## [Exercise description]
Below are the records; give again exactly the line with "rewrite big_nat_recr //=;", the line with "measurable_fun setT (fun w => \sum_(m", and each line that lies between them, and nothing besides.

━━━ Listed entries

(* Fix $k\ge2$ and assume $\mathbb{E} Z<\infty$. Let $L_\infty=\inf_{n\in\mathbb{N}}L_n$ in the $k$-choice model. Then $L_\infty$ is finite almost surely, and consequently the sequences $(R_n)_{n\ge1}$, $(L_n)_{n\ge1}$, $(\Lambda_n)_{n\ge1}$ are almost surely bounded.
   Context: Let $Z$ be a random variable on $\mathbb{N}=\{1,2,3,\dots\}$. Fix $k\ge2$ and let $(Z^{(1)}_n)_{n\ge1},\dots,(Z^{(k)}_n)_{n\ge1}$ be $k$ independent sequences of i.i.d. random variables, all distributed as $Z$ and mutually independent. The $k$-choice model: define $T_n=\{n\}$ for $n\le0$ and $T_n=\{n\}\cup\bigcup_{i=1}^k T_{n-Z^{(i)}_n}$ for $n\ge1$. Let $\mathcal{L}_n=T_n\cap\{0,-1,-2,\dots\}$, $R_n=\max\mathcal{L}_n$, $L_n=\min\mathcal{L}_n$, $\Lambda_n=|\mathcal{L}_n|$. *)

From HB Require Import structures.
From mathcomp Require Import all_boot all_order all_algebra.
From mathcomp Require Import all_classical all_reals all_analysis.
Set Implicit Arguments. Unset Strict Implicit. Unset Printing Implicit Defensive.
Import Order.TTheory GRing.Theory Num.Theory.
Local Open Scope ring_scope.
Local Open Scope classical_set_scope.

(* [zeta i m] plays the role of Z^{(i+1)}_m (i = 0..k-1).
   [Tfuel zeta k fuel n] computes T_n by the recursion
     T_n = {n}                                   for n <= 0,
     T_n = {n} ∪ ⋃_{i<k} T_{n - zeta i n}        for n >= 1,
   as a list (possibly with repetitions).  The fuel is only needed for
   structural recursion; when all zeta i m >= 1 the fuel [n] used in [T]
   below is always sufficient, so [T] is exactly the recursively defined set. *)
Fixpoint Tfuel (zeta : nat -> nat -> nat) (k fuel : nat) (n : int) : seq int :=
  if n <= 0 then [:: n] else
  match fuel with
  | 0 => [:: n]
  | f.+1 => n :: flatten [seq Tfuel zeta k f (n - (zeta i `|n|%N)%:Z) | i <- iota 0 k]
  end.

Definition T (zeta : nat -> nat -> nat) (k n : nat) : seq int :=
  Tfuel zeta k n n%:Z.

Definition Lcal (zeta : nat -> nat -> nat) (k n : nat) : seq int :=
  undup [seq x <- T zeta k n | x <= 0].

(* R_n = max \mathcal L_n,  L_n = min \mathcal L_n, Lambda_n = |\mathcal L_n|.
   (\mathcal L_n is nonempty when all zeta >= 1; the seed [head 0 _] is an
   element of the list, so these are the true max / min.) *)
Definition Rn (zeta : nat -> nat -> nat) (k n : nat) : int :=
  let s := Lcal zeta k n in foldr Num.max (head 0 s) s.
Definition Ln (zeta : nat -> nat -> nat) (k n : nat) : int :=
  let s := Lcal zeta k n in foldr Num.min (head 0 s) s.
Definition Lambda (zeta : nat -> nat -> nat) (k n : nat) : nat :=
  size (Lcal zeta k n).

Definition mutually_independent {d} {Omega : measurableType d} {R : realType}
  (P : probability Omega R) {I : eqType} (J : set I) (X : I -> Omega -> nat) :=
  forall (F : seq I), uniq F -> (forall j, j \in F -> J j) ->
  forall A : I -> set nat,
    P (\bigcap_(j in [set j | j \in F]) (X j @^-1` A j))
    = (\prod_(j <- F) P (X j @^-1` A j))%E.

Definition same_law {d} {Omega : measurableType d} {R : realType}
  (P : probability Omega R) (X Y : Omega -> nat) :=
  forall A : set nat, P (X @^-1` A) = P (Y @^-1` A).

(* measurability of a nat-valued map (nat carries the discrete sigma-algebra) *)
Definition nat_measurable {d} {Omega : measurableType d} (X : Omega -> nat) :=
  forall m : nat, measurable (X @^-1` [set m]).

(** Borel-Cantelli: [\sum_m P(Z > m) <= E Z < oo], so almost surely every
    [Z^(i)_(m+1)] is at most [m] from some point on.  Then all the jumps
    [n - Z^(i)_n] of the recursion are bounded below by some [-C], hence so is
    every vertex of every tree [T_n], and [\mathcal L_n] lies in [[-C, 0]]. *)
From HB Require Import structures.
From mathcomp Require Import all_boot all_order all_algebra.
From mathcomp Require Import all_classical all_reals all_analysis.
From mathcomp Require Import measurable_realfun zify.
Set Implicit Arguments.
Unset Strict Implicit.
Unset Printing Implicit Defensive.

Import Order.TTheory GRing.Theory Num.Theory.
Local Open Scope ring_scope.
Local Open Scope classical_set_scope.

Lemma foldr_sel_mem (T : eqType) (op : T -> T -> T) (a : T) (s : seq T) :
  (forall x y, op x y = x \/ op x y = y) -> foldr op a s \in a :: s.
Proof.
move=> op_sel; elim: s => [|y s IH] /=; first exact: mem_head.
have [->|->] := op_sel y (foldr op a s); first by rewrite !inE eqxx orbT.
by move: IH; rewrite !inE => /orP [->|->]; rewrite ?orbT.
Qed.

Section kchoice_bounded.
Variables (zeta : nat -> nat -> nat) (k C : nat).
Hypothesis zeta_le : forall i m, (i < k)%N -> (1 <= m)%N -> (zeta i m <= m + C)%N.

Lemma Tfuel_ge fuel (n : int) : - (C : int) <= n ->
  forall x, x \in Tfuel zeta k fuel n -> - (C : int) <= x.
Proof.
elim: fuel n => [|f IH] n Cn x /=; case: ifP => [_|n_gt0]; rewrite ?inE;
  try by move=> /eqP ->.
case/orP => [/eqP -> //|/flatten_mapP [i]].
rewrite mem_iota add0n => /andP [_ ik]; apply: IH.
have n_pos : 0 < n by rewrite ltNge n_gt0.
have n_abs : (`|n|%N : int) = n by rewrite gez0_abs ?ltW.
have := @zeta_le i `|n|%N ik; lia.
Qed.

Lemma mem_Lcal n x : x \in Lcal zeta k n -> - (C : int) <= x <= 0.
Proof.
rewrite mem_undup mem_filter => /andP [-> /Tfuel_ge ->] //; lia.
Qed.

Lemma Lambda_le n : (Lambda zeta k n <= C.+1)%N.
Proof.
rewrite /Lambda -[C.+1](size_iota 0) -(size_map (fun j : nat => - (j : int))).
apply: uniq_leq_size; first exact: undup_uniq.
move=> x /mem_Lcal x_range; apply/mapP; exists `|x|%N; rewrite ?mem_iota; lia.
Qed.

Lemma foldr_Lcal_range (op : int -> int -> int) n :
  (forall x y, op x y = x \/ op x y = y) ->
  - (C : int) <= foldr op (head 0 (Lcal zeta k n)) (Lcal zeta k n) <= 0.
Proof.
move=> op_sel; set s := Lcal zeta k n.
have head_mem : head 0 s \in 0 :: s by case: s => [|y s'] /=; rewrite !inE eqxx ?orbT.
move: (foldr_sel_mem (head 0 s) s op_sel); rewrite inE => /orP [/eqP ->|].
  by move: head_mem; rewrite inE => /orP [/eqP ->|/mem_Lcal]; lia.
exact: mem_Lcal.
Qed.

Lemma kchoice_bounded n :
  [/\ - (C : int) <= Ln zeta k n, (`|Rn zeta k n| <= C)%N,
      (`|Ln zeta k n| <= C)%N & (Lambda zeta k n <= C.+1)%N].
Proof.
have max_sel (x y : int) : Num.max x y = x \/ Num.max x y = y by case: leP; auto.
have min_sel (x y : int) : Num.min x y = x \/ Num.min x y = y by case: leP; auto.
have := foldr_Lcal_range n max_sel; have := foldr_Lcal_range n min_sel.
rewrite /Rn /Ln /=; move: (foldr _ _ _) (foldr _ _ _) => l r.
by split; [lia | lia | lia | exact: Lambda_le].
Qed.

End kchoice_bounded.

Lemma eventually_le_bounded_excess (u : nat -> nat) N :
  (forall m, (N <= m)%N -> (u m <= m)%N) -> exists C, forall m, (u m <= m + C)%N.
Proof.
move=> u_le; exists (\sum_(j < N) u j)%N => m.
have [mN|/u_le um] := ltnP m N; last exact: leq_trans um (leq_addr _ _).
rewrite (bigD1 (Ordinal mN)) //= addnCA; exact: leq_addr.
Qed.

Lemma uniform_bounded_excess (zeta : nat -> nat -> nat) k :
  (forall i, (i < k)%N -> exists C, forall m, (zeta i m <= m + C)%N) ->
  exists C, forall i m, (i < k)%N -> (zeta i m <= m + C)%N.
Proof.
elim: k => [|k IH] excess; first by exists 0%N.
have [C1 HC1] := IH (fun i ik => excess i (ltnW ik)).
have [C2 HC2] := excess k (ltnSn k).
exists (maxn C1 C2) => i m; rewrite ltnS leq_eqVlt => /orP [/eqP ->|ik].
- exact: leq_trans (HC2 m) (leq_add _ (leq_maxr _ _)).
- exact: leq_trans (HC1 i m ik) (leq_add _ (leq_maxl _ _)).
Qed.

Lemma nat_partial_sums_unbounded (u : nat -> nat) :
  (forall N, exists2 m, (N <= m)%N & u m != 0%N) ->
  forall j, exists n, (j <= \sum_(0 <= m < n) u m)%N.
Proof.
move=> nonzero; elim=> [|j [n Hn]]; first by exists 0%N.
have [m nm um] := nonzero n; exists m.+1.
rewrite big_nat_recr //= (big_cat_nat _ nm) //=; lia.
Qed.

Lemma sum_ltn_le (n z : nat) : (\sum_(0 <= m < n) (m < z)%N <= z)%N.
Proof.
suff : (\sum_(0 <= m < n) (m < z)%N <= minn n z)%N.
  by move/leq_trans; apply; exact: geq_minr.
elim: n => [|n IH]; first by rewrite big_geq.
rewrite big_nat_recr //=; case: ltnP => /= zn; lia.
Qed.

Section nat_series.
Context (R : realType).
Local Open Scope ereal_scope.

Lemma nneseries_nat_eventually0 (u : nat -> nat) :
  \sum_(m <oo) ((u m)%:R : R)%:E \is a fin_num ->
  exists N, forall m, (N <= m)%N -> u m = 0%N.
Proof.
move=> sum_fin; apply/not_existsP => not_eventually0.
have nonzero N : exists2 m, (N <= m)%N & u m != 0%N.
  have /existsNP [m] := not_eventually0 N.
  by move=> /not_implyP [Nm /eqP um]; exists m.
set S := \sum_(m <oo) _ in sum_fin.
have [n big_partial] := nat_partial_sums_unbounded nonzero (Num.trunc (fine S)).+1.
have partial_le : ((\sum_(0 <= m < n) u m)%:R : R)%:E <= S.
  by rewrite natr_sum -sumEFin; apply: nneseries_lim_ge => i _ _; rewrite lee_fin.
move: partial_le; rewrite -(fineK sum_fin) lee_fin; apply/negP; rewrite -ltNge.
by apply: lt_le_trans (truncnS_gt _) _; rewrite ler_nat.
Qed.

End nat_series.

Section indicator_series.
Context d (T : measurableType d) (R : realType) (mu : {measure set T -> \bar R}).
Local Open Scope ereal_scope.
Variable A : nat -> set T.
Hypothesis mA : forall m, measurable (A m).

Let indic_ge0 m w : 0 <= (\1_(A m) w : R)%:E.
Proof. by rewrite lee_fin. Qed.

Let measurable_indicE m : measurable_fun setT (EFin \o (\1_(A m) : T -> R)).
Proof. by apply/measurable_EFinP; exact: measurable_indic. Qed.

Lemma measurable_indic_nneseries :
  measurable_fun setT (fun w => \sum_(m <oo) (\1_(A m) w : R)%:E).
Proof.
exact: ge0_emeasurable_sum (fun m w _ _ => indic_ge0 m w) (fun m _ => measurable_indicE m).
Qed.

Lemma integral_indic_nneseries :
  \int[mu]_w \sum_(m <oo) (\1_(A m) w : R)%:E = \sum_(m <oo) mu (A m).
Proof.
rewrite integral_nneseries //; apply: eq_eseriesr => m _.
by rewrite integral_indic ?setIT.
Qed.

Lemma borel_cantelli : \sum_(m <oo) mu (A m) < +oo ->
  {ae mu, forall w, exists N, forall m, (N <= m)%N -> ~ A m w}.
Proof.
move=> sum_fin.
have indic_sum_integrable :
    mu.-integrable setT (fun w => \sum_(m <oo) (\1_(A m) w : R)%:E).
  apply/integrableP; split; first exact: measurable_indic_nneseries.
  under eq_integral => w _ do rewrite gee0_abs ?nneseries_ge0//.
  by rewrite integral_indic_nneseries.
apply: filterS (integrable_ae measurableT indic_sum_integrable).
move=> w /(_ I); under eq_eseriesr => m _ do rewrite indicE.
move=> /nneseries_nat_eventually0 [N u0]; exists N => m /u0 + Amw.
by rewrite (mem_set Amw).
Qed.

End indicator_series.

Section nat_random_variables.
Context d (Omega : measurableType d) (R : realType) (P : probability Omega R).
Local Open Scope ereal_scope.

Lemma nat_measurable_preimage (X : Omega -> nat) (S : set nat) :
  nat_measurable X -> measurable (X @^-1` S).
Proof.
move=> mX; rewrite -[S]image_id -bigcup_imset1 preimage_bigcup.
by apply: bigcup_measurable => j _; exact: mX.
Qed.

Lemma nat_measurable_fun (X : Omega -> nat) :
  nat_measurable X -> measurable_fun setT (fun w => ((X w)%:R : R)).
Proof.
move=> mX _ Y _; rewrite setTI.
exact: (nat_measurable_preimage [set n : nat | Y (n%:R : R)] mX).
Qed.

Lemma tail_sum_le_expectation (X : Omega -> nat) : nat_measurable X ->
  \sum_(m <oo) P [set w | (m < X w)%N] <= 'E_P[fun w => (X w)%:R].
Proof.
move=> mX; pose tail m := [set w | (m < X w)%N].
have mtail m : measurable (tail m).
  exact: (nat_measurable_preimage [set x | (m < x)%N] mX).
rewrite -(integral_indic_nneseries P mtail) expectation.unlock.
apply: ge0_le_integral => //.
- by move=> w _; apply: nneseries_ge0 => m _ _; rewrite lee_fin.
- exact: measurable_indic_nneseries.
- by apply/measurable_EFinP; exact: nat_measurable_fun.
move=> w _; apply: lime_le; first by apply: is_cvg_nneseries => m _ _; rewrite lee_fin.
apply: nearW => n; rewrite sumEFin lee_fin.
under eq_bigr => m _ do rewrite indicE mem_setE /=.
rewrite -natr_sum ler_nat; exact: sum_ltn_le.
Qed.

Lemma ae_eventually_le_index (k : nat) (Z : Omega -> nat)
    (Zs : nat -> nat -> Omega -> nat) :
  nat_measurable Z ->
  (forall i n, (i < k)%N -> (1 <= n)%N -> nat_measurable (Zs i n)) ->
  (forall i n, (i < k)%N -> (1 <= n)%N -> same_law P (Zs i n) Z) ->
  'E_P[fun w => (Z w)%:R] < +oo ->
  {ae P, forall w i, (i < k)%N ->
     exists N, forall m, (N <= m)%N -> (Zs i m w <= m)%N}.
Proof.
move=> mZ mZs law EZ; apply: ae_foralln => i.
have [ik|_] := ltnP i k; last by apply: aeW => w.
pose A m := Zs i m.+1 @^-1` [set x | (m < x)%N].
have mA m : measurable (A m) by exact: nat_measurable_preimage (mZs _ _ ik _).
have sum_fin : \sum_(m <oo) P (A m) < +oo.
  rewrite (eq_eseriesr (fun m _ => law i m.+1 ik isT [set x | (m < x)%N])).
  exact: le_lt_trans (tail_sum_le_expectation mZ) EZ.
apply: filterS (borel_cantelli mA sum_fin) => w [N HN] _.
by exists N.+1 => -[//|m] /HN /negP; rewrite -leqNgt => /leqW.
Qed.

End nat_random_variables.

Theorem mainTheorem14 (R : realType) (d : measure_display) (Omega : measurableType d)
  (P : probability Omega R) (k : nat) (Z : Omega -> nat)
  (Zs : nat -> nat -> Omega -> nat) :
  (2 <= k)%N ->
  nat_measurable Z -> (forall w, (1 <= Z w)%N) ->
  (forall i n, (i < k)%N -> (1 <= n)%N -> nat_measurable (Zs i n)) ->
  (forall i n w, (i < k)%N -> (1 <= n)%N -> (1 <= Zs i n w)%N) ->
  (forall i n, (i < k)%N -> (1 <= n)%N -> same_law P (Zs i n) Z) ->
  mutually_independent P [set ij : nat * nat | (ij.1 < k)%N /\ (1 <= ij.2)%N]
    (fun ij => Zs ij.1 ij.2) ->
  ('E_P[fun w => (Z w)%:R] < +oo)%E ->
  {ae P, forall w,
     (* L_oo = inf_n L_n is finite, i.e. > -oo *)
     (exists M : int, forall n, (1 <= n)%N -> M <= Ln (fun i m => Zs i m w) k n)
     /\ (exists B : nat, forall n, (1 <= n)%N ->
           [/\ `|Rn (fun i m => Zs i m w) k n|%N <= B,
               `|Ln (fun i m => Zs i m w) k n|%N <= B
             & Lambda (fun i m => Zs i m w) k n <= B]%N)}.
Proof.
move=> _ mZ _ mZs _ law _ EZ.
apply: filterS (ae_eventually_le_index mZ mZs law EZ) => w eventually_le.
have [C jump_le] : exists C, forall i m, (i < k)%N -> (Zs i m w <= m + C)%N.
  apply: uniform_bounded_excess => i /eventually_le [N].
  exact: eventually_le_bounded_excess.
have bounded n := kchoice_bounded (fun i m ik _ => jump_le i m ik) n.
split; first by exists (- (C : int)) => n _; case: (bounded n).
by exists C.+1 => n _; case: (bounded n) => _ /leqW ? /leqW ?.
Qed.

━━━━━━

## [Answer below]
rewrite big_nat_recr //=; case: ltnP => /= zn; lia.
Qed.

Section nat_series.
Context (R : realType).
Local Open Scope ereal_scope.

Lemma nneseries_nat_eventually0 (u : nat -> nat) :
  \sum_(m <oo) ((u m)%:R : R)%:E \is a fin_num ->
  exists N, forall m, (N <= m)%N -> u m = 0%N.
Proof.
move=> sum_fin; apply/not_existsP => not_eventually0.
have nonzero N : exists2 m, (N <= m)%N & u m != 0%N.
  have /existsNP [m] := not_eventually0 N.
  by move=> /not_implyP [Nm /eqP um]; exists m.
set S := \sum_(m <oo) _ in sum_fin.
have [n big_partial] := nat_partial_sums_unbounded nonzero (Num.trunc (fine S)).+1.
have partial_le : ((\sum_(0 <= m < n) u m)%:R : R)%:E <= S.
  by rewrite natr_sum -sumEFin; apply: nneseries_lim_ge => i _ _; rewrite lee_fin.
move: partial_le; rewrite -(fineK sum_fin) lee_fin; apply/negP; rewrite -ltNge.
by apply: lt_le_trans (truncnS_gt _) _; rewrite ler_nat.
Qed.

End nat_series.

Section indicator_series.
Context d (T : measurableType d) (R : realType) (mu : {measure set T -> \bar R}).
Local Open Scope ereal_scope.
Variable A : nat -> set T.
Hypothesis mA : forall m, measurable (A m).

Let indic_ge0 m w : 0 <= (\1_(A m) w : R)%:E.
Proof. by rewrite lee_fin. Qed.

Let measurable_indicE m : measurable_fun setT (EFin \o (\1_(A m) : T -> R)).
Proof. by apply/measurable_EFinP; exact: measurable_indic. Qed.

Lemma measurable_indic_nneseries :
  measurable_fun setT (fun w => \sum_(m <oo) (\1_(A m) w : R)%:E).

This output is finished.